Talin couples the actomyosin cortex to the plasma membrane during rear retraction and cytokinesis

Masatsune Tsujioka a,1,2,3, Shigehiko Yumura b, Kei Inouye c, Hitesh Patel d, Masahiro Ueda e,1,2, Shigenobu Yonemura a
PMCID: PMC3420178  PMID: 22826231

Abstract

Contraction of the cortical actin cytoskeleton underlies both rear retraction in directed cell migration and cytokinesis. Here, we show that talin, a central component of focal adhesions, has a major role in these processes. We found that Dictyostelium talin A colocalized with myosin II in the rear of migrating cells and the cleavage furrow. During directed cell migration, talin A-null cells displayed a long thin tail devoid of actin filaments, whereas additional depletion of SibA, a transmembrane adhesion molecule that binds to talin A, reverted this phenotype, suggesting a requirement of the link between actomyosin and SibA by talin A for rear retraction. Disruptions of talin A also resulted in detachment of the actomyosin contractile ring from the cell membrane and concomitant regression of the cleavage furrow under certain conditions. The C-terminal actin-binding domain (ABD) of talin A exhibited a localization pattern identical to that of full-length talin A. The N-terminal FERM domain was found to bind phosphatidylinositol 4,5-bisphosphate [PtdIns(4,5)P2] and phosphatidylinositol 3,4,5-trisphosphate [PtdIns(3,4,5)P3] in vitro. In vivo, however, PtdIns(4,5)P2, which is known to activate talin, is believed to be enriched in the rear of migrating cells and the cleavage furrow in Dictyostelium. From these results, we propose that talin A activated by PtdIns(4,5)P2 in the cell posterior or cleavage furrow links actomyosin cytoskeleton to adhesion molecules or other membrane proteins, and that the force is transmitted through these links to retract the tail during cell migration or to cause efficient ingression of the equator during cytokinesis.


Contraction of cortical actomyosin, which is composed of filamentous actin and myosin II, mediates the changes in cell shape that occur during diverse biological processes. For example, this contraction drives the apical constriction of cells in epithelial sheets, which results in sheet folding, an important step in neural tube formation in the early stages of vertebrate development (1). In this case, contractile forces are transmitted across the sheet through adherence junctions to induce the deformation of the entire tissue. Cell shape changes driven by actomyosin contraction are also essential for important processes in isolated cells, including rear retraction in migrating cells and ingression of the cleavage furrow in dividing cells (2, 3). In these processes, however, little is known about which molecules link the actomyosin cortex to the plasma membrane to transmit the contractile forces.

One such candidate molecule is talin (4).
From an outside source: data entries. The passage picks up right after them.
Lemma in_main_reach x : in_main C x -> connect (cont C) (Defs.root C) x.
Proof.
move=> hm; apply: first_same_thread hm; apply/forallP=> u.
by apply: contraNN (root_no_parent u); apply: cont_edge.
Qed.

Lemma main_thread_ends : connect (cont C) (Defs.root C) (final C).
Proof. by apply: in_main_reach; case: Hwf => _ [_ [_ [_ [_ [h _]]]]]. Qed.

Lemma thread_parent u w p : same_thread C u w -> connect (edge C) u w -> u != w ->
  cont C p w -> connect (cont C) u p.
Proof.
move=> /orP[huw|hwu] hr nuw hpw.
  have [p' hup' hp'w] := connect_last_step huw nuw.
  by rewrite (cont_injective hpw hp'w).
have [q huq hqw] := connect_first_step hr nuw.
have := edge_acyclic huq.
by rewrite (connect_trans hqw (cont_path_edge hwu)).
Qed.

(* The target of a touch edge is not the first node of a thread: first
   nodes other than the root have a future edge as their only in-edge. *)
Lemma tch_local_parent u w : tch C u w -> exists p, cont C p w.
Proof.
move=> huw; have [|/forallPn[p]] := boolP (first_node C w); last by rewrite negbK; exists p.
move=> hw; have [hm|nm] := boolP (in_main C w).
  have := root_no_parent u; rewrite (first_node_start hw (in_main_reach hm)).
  by rewrite (tch_edge huw).
have [u' hu'w] := thread_spawned hw nm.
have [_ _ hin _ _] := fork_shape hu'w.
have := fut_not_tch hu'w.
by rewrite (indeg1_parent hin (fut_edge hu'w) (tch_edge huw)) huw.
Qed.

Lemma future_thread_fork x : ~~ in_main C x ->
  exists v f r, [/\ fut C v f, cont C v r & connect (cont C) f x].
Proof.
move=> nm; have [f hf hfx] := thread_start x.
have nmf : ~~ in_main C f.
  by apply: contra nm => /in_main_reach hrf; apply/orP; left; apply: connect_trans hrf hfx.
have [v hv] := thread_spawned hf nmf.
have [_ _ _ _ [r [hr _ _]]] := fork_shape hv.
by exists v, f, r.
Qed.

(* Local touches: the local parent of a touch of the future thread spawned at
   a fork v lies on the thread of v, at or after the right child r of v
   (it differs from v, since r itself is not a touch). *)
Lemma local_parent_after_right v f r v1 u2 x : fut C v f -> cont C v r ->
  connect (cont C) f v1 -> touch_with C v1 u2 x -> connect (cont C) r u2.
Proof.
move=> hvf hvr hfv1 htw; have /and3P[_ _ hu2x] := htw.
have hfv1' : same_thread C f v1 by apply/orP; left.
have [hvx hrx] := Hslt.2 v f r hvf hvr v1 u2 x hfv1' htw.
have hvx' : connect (edge C) v x := connect_trans (connect1 (cont_edge hvr)) hrx.
have nvx : v != x by apply: contraNneq (edge_acyclic (cont_edge hvr)) => ->.
have hvu2 := thread_parent hvx hvx' nvx hu2x.
have nvu2 : v != u2.
  apply/eqP=> evu2; subst u2; have erx := cont_functional hvr hu2x; subst x.
  have [_ _ _ _ [r' [hr' _ /negP[]]]] := fork_shape hvf.
  by rewrite -(cont_functional hvr hr'); apply/existsP; exists v1; apply/existsP; exists v.
have [q hvq hqu2] := connect_first_step hvu2 nvu2.
by rewrite (cont_functional hvr hvq).
Qed.

(* [spine x dq]: dq lists, outermost first, the right children of the forks
   that spawned the nested future threads containing x; in particular x is on
   the main thread when dq is empty.  This is the shape of the deque while x
   is the current node. *)
Inductive spine : V -> seq V -> Prop :=
| spine_main x : connect (cont C) (Defs.root C) x -> spine x [::]
| spine_future x f v r dq : fut C v f -> cont C v r -> connect (cont C) f x ->
    spine v dq -> spine x (rcons dq r).

Lemma spine_cont x y dq : spine x dq -> connect (cont C) x y -> spine y dq.
Proof.
case=> [x' hx|x' f v r dq' hvf hvr hfx hv] hxy.
  by apply: spine_main; apply: connect_trans hx hxy.
by apply: spine_future hvf hvr (connect_trans hfx hxy) hv.
Qed.

Lemma spine_right_child x dq y : spine x dq -> y \in dq -> exists v l, fut C v l /\ cont C v y.
Proof.
elim=> [//|x' f v r dq' hvf hvr _ _ IH].
by rewrite mem_rcons inE => /orP[/eqP->|/IH //]; exists v, f.
Qed.

Lemma spine_nil x : spine x [::] -> connect (cont C) (Defs.root C) x.
Proof.
move e: [::] => dq hx; case: hx e => // x' f v r dq' _ _ _ _.
by move/(congr1 size); rewrite size_rcons.
Qed.

Lemma spine_rcons x dq r : spine x (rcons dq r) ->
  exists f v, [/\ fut C v f, cont C v r, connect (cont C) f x & spine v dq].
Proof.
move e: (rcons dq r) => s hx; case: hx e => [x' _|x' f v r' dq' hvf hvr hfx hv].
  by move/(congr1 size); rewrite size_rcons.
by case/rcons_inj=> -> ->; exists f, v.
Qed.

Definition topo_prefix (d : seq V) : Prop :=
  forall y u, y \in d -> edge C u y -> u \in d /\ index u d < index y d.

Lemma topo_prefix_path d u y : topo_prefix d -> connect (edge C) u y -> y \in d ->
  u \in d /\ index u d <= index y d.
Proof.
move=> htopo /connectP[s]; elim: s u => [|b s IH] u /=; first by move=> _ -> ->.
move=> /andP[hub hp] hy hyd; have [hbd hby] := IH _ hp hy hyd.
have [hud hub'] := htopo _ _ hbd hub.
by split=> //; apply: leq_trans (ltnW hub') hby.
Qed.

Lemma ready_parent d w u : ready C d w -> edge C u w -> u \in d.
Proof. by move=> /forallP /(_ u) /implyP. Qed.

Lemma ready_rcons d c y : ready C d y -> ready C (rcons d c) y.
Proof.
move/forallP=> h; apply/forallP=> u; apply/implyP=> hu.
by rewrite mem_rcons inE (implyP (h u) hu) orbT.
Qed.

Lemma sole_parent_ready d v w : indeg C w = 1 -> edge C v w -> ready C (rcons d v) w.
Proof.
move=> hin hvw; apply/forallP=> u; apply/implyP=> huw.
by rewrite (indeg1_parent hin huw hvw) mem_rcons mem_head.
Qed.

Lemma mem_ready_children d v w : (w \in ready_children C d v) = edge C v w && ready C d w.
Proof. by rewrite /ready_children mem_filter mem_enum andbT. Qed.

Lemma ready_ancestor d c u : topo_prefix d -> ready C d c ->
  connect (edge C) u c -> u != c -> u \in d.
Proof.
move=> htopo hrc huc nuc; have [p hup hpc] := connect_last_step huc nuc.
by have [] := topo_prefix_path htopo hup (ready_parent hrc hpc).
Qed.

Lemma child_not_done d v w : topo_prefix d -> v \notin d -> edge C v w ->
  w \notin rcons d v.
Proof.
move=> htopo hvd hvw; rewrite mem_rcons inE negb_or eq_sym edge_neq //=.
by apply: contraNN hvd => hwd; have [] := htopo _ _ hwd hvw.
Qed.

Definition right_follows_last (d : seq V) : Prop :=
  forall v l r z, fut C v l -> cont C v r -> connect (cont C) l z -> last_node C z ->
    r \in d -> exists s1 s2, d = s1 ++ z :: r :: s2.

Definition last_before_right (c : V) (d : seq V) : Prop :=
  forall v l z, fut C v l -> cont C v c -> connect (cont C) l z -> last_node C z ->
    exists d', d = rcons d' z.

(* Executing the current node, every ready child it enables is reached by a
   continuation edge: a touch edge out of it would have its local parent
   executed, hence (local touches) the right child on top of the spine too,
   although deque nodes are not executed. *)
Lemma ready_child_cont d dq c w : topo_prefix d -> spine c dq -> c \notin d ->
  {in dq, forall y, y \notin d} -> (forall w', ~~ fut C c w') ->
  edge C c w -> ready C (rcons d c) w -> cont C c w.
Proof.
move=> htopo hsp hcd hdq nfork hcw hrw.
case: (edge_kinds hcw) => // [hfut|htch]; first by have := nfork w; rewrite hfut.
exfalso; have [p hpw] := tch_local_parent htch.
have npc : p != c by apply: contraTneq hpw => ->; apply: contraTN htch; apply: cont_not_tch.
have hpd : p \in d.
  by move: (ready_parent hrw (cont_edge hpw)); rewrite mem_rcons inE (negbTE npc).
have [hs|ns] := boolP (same_thread C c w).
  have hcp := thread_parent hs (connect1 hcw) (edge_neq hcw) hpw.
  by have [hc _] := topo_prefix_path htopo (cont_path_edge hcp) hpd; rewrite hc in hcd.
have htw : touch_with C c p w by rewrite /touch_with htch ns hpw.
case/lastP: dq hsp hdq => [/spine_nil hmain|dq r /spine_rcons[f [v [hvf hvr hfc _]]]] hdq.
  by have := tch_not_main htch; rewrite /in_main /same_thread hmain.
have hrp := local_parent_after_right hvf hvr hfc htw.
have [hrd _] := topo_prefix_path htopo (cont_path_edge hrp) hpd.
by have := hdq r; rewrite mem_rcons mem_head hrd => /(_ isT).
Qed.
Lemma K_lmul_homeo k : K k -> homeo_in X X (gmul G k).
Proof.
move=> Kk; split; first exact: K_lmul_cont.
exists (gmul G (ginv G k)); split; first exact/K_lmul_cont/K_inv.
by split=> g Xg; [rewrite gmulKg // Xg (K_gd Kk) | rewrite gmulKVg // Xg (K_gr Kk)].
Qed.

Lemma K_lmul_free k g : K k -> X g -> gmul G k g = g -> k = u.
Proof.
move=> Kk Xg kg; have kg_comp := etrans (K_gd Kk) (esym Xg).
by rewrite -(gmulgK kg_comp) kg gmulV.
Qed.

Lemma K_lmul_transitive g g' : X g -> X g' -> pi g = pi g' ->
  exists2 k, K k & g' = gmul G k g.
Proof.
move=> Xg Xg' pigg'.
have dgg' : gd G g' = gd G g.
  by apply: pi_inj_units; rewrite ?(hom_gd hom) ?pigg' //; exact: unit_space_gd.
exists (gmul G g' (ginv G g)); last by rewrite -gmulA ?gr_inv ?gd_inv // gmulVg -dgg' gmul_gd.
have [_ pig'V] := hom (etrans dgg' (esym (gr_inv G g))).
have [_ pigV] := hom (esym (gr_inv G g)).
by rewrite /K /= pig'V -pigg' -pigV gmulV Xg.
Qed.

(* the translate k (X `&` U) *)
Let sheet (U : set T) k := X `&` gmul G (ginv G k) @^-1` U.

Section Sheets.
Variable U : set T.
Hypothesis oU : open U.
Hypothesis piU : homeo_in U (pi @` U) pi.

Lemma open_in_sheet k : K k -> open_in X (sheet U k).
Proof.
move=> Kk; have [_ cont] := K_lmul_cont (K_inv Kk).
suff <- : X `&` gmul G (ginv G k) @^-1` (X `&` U) = sheet U k by exact/cont/open_in_setI.
apply/seteqP; split=> g [Xg]; first by case.
by split=> //; split=> //; exact/X_lmul_K/Xg/K_inv.
Qed.

Lemma sheet_disjoint k k' g : K k -> K k' -> sheet U k g -> sheet U k' g -> k = k'.
Proof.
move=> Kk Kk' [Xg Ua] [_ Ua'].
set a := gmul G (ginv G k) g in Ua.
have a'a : gmul G (ginv G k') g = a.
  by apply: (homeo_in_inj piU) => //; rewrite !pi_lmul_K //; exact: K_inv.
have Xa : X a by exact/X_lmul_K/Xg/K_inv.
have ka : gmul G k a = g by rewrite gmulKVg // Xg (K_gr Kk).
have k'a : gmul G k' a = g by rewrite -a'a gmulKVg // Xg (K_gr Kk').
transitivity (gmul G g (ginv G a)); first by rewrite -ka gmulgK // Xa (K_gd Kk).
by rewrite -k'a gmulgK // Xa (K_gd Kk').
Qed.

Lemma sheets_cover :
  X `&` pi @^-1` (Y `&` pi @` U) = \bigcup_(i : {k | K k}) sheet U (sval i).
Proof.
apply/seteqP; split=> g.
  move=> [Xg [_ [a Ua pag]]].
  have Xa : X a by apply: X_of_Y_pi; rewrite /Y /= pag -(hom_gr hom) Xg.
  have [k Kk ->] := K_lmul_transitive Xa Xg pag.
  exists (exist _ k Kk) => //; split; first exact: X_lmul_K.
  by rewrite /= gmulKg // Xa (K_gd Kk).
move=> [[k Kk] _ [Xg Ug]]; split=> //; split; first by rewrite /Y /= -(hom_gr hom) Xg.
by exists (gmul G (ginv G k) g) => //; exact: pi_lmul_K (K_inv Kk) Xg.
Qed.

Lemma homeo_sheet k : K k -> homeo_in (sheet U k) (Y `&` pi @` U) pi.
Proof.
move=> Kk; have Kk' := K_inv Kk.
have to_XU : homeo_in (sheet U k) (X `&` U) (gmul G (ginv G k)).
  apply: homeo_in_restrict (K_lmul_homeo Kk') _ _ _ _.
  - by move=> g [].
  - by move=> g [].
  - by move=> g [Xg Ug]; split=> //; exact: X_lmul_K.
  - move=> a [Xa Ua]; have ka : gmul G (ginv G k) (gmul G k a) = a.
      by rewrite gmulKg // Xa (K_gd Kk).
    by exists (gmul G k a) => //; split; [exact: X_lmul_K | rewrite /= ka].
have pi_XU : homeo_in (X `&` U) (Y `&` pi @` U) pi.
  apply: homeo_in_restrict piU _ _ _ _.
  - by move=> g [].
  - by move=> h [].
  - by move=> a [Xa Ua]; split; [rewrite /Y /= -(hom_gr hom) Xa | exists a].
  - move=> h [Yh [a Ua pia]]; exists a => //.
    by split=> //; apply: X_of_Y_pi; rewrite pia.
apply: eq_homeo_in (homeo_in_comp to_XU pi_XU) _ => g [Xg _] /=.
exact: pi_lmul_K Kk' Xg.
Qed.

End Sheets.

Lemma covering_range_fiber : covering_in X Y pi.
Proof.
split.
  apply/seteqP; split=> [_ [g Xg <-]|h Yh]; first by rewrite /Y /= -(hom_gr hom) Xg.
  by have [g pig] := surj h; exists g => //; apply: X_of_Y_pi; rewrite pig.
move=> h Yh; have [g pig] := surj h; have [U [oU Ug opiU piU]] := lh g.
exists (Y `&` pi @` U); split; [exact: open_in_setI opiU | by split=> //; exists g |].
exists {k | K k}, (fun i => sheet U (sval i)); split.
- by move=> [k Kk]; exact: open_in_sheet.
- move=> [k Kk] [k' Kk'] neq; apply/seteqP; split=> // x [Wx Wx'].
  by case: neq; apply: eq_exist; exact: sheet_disjoint Wx Wx'.
- exact: sheets_cover.
- by move=> [k Kk]; exact: homeo_sheet.
Qed.
Let q_gt0 : 0 < q%:R :> R. Proof. by rewrite ltr0n; lia. Qed.

Let card_fam_gt0 : 0 < #|fam q n|%:R :> R.
Proof. by rewrite (card_fam q_gt1 n_def) ltr0n expn_gt0; lia. Qed.

Lemma abundance_lb (g : {ffun 'I_q -> 'I_q}) (x : 'I_n) :
  x \in lset n g -> 1 / q%:R <= abundance R (fam q n) x.
Proof.
move=> xg; rewrite /abundance ler_pdivlMr // (card_fam q_gt1 n_def).
rewrite (pow_self_split q_gt1) natrM mul1r mulrA mulVf ?mul1r ?ler_nat ?gt_eqF //.
exact: containing_lb xg.
Qed.

Lemma abundance_le1 (x : 'I_n) : abundance R (fam q n) x <= 1.
Proof.
rewrite /abundance ler_pdivrMr // mul1r ler_nat.
by apply/subset_leq_card/subsetP => A; rewrite inE => /andP[].
Qed.

Lemma abundance_ub (J : nat) (x : 'I_n) : (0 < J)%N -> (J <= q)%N ->
  (level q J.-1 <= x %% block q)%N -> abundance R (fam q n) x <= (q - J)%:R / q%:R.
Proof.
move=> J0 Jq lo; rewrite /abundance (card_fam q_gt1 n_def).
rewrite ler_pdivrMr ?ltr0n ?expn_gt0 ?(ltnW q_gt1) // mulrAC ler_pdivlMr //.
rewrite -!natrM ler_nat (pow_self_split q_gt1) mulnCA [X in (X <= _)%N]mulnC.
by rewrite leq_mul2l (containing_ub q_gt1 n_def J0 Jq lo) orbT.
Qed.

Lemma mean_abundance_lb (g : {ffun 'I_q -> 'I_q}) : lset n g != set0 ->
  1 / q%:R <= mean_abundance R (fam q n) (lset n g).
Proof.
move=> ne; rewrite /mean_abundance ler_pdivlMl ?ltr0n ?card_gt0 //.
rewrite [X in X <= _]mulr_natl -sumr_const.
by apply: ler_sum => x xg; apply: abundance_lb xg.
Qed.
In mammals, this large cytoskeletal protein (∼270 kDa) is a major component of integrin-mediated adhesion structures, named focal adhesions (5), where talin has an important role of linking adhesion molecules to the actin cytoskeleton. Accordingly, the depletion of talin alters cell-substrate adhesion in mouse undifferentiated ES cells and fibroblast cells (6, 7). Talin possesses two conserved domains: the FERM domain at the N terminus, which interacts with a variety of proteins including integrins and lipids within the plasma membrane, and the I/LWEQ module at the C terminus, which is an actin-binding domain (ABD).

In this study, we investigated the role of the Dictyostelium homolog of talin (talin A) in the transmission of contractile forces produced by actomyosin to the plasma membrane in rear retraction and cytokinesis (8, 9). Dictyostelium, a eukaryotic haploid organism, is an ideal system for investigating the mechanisms of myosin II-related events. Thanks to having a single copy of the myosin II gene (10), myosin II-depleted cells can be readily obtained and have been extensively studied (11). Dictyostelium cells grow as solitary amoebae in the vegetative stage. Upon starvation, however, they stop proliferation and aggregate to form multicellular structures. During aggregation, cells move toward the aggregation centers by chemotaxis to cAMP, leading to the formation of streams composed of highly polarized cells. As in mammalian cells, the contraction of cortical actomyosin provides the forces necessary for rear retraction in cell migration and ingression of the cleavage furrow in cytokinesis (2, 11, 12).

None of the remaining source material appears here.